** Supplied material follows **

(* Let $n\geq 5$, let $S$ be the set of all $3$-cycles in $S_n$, and let $CAG_n=\mathrm{Cay}(A_n,S)$. Let $A_e$ be the set of automorphisms of $CAG_n$ that fix the identity vertex $e$ and each of its neighbours. Then $A_e=\{1\}$.
   Context: For a finite group $\Gamma$ and a subset $T\subseteq\Gamma$ with $e\notin T$ and $T=T^{-1}$, the Cayley graph $\mathrm{Cay}(\Gamma,T)$ is the undirected graph with vertex set $\Gamma$ and edge set $\{\{\gamma,t\gamma\}\mid \gamma\in\Gamma, t\in T\}$. The neighbours of $e$ in $CAG_n$ are exactly the elements of $S$. *)

From mathcomp Require Import all_boot all_fingroup all_solvable.
Set Implicit Arguments. Unset Strict Implicit. Unset Printing Implicit Defensive.
Local Open Scope group_scope.

Definition three_cycle (n : nat) (s : 'S_n) : Prop :=
  exists a b c : 'I_n,
    [/\ a != b, b != c, a != c,
        [/\ s a = b, s b = c & s c = a]
      & forall x, x != a -> x != b -> x != c -> s x = x].

Definition An_vertex (n : nat) := subg_of (Alt_group 'I_n).

(* Adjacency in Cay(A_n, S): {gamma, t gamma} with t a 3-cycle, i.e.
   y = t * x with t in S, i.e. y * x^-1 in S. *)
Definition cag_adj (n : nat) (x y : An_vertex n) : Prop :=
  three_cycle (sgval y * (sgval x)^-1).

** End of Supplied material **

Exercise instructions: Each line in the material above must be retyped without alteration.

Solution below:
(* Let $n\geq 5$, let $S$ be the set of all $3$-cycles in $S_n$, and let $CAG_n=\mathrm{Cay}(A_n,S)$. Let $A_e$ be the set of automorphisms of $CAG_n$ that fix the identity vertex $e$ and each of its neighbours. Then $A_e=\{1\}$.
   Context: For a finite group $\Gamma$ and a subset $T\subseteq\Gamma$ with $e\notin T$ and $T=T^{-1}$, the Cayley graph $\mathrm{Cay}(\Gamma,T)$ is the undirected graph with vertex set $\Gamma$ and edge set $\{\{\gamma,t\gamma\}\mid \gamma\in\Gamma, t\in T\}$. The neighbours of $e$ in $CAG_n$ are exactly the elements of $S$. *)

From mathcomp Require Import all_boot all_fingroup all_solvable.
Set Implicit Arguments. Unset Strict Implicit. Unset Printing Implicit Defensive.
Local Open Scope group_scope.

Definition three_cycle (n : nat) (s : 'S_n) : Prop :=
  exists a b c : 'I_n,
    [/\ a != b, b != c, a != c,
        [/\ s a = b, s b = c & s c = a]
      & forall x, x != a -> x != b -> x != c -> s x = x].

Definition An_vertex (n : nat) := subg_of (Alt_group 'I_n).

(* Adjacency in Cay(A_n, S): {gamma, t gamma} with t a 3-cycle, i.e.
   y = t * x with t in S, i.e. y * x^-1 in S. *)
Definition cag_adj (n : nat) (x y : An_vertex n) : Prop :=
  three_cycle (sgval y * (sgval x)^-1).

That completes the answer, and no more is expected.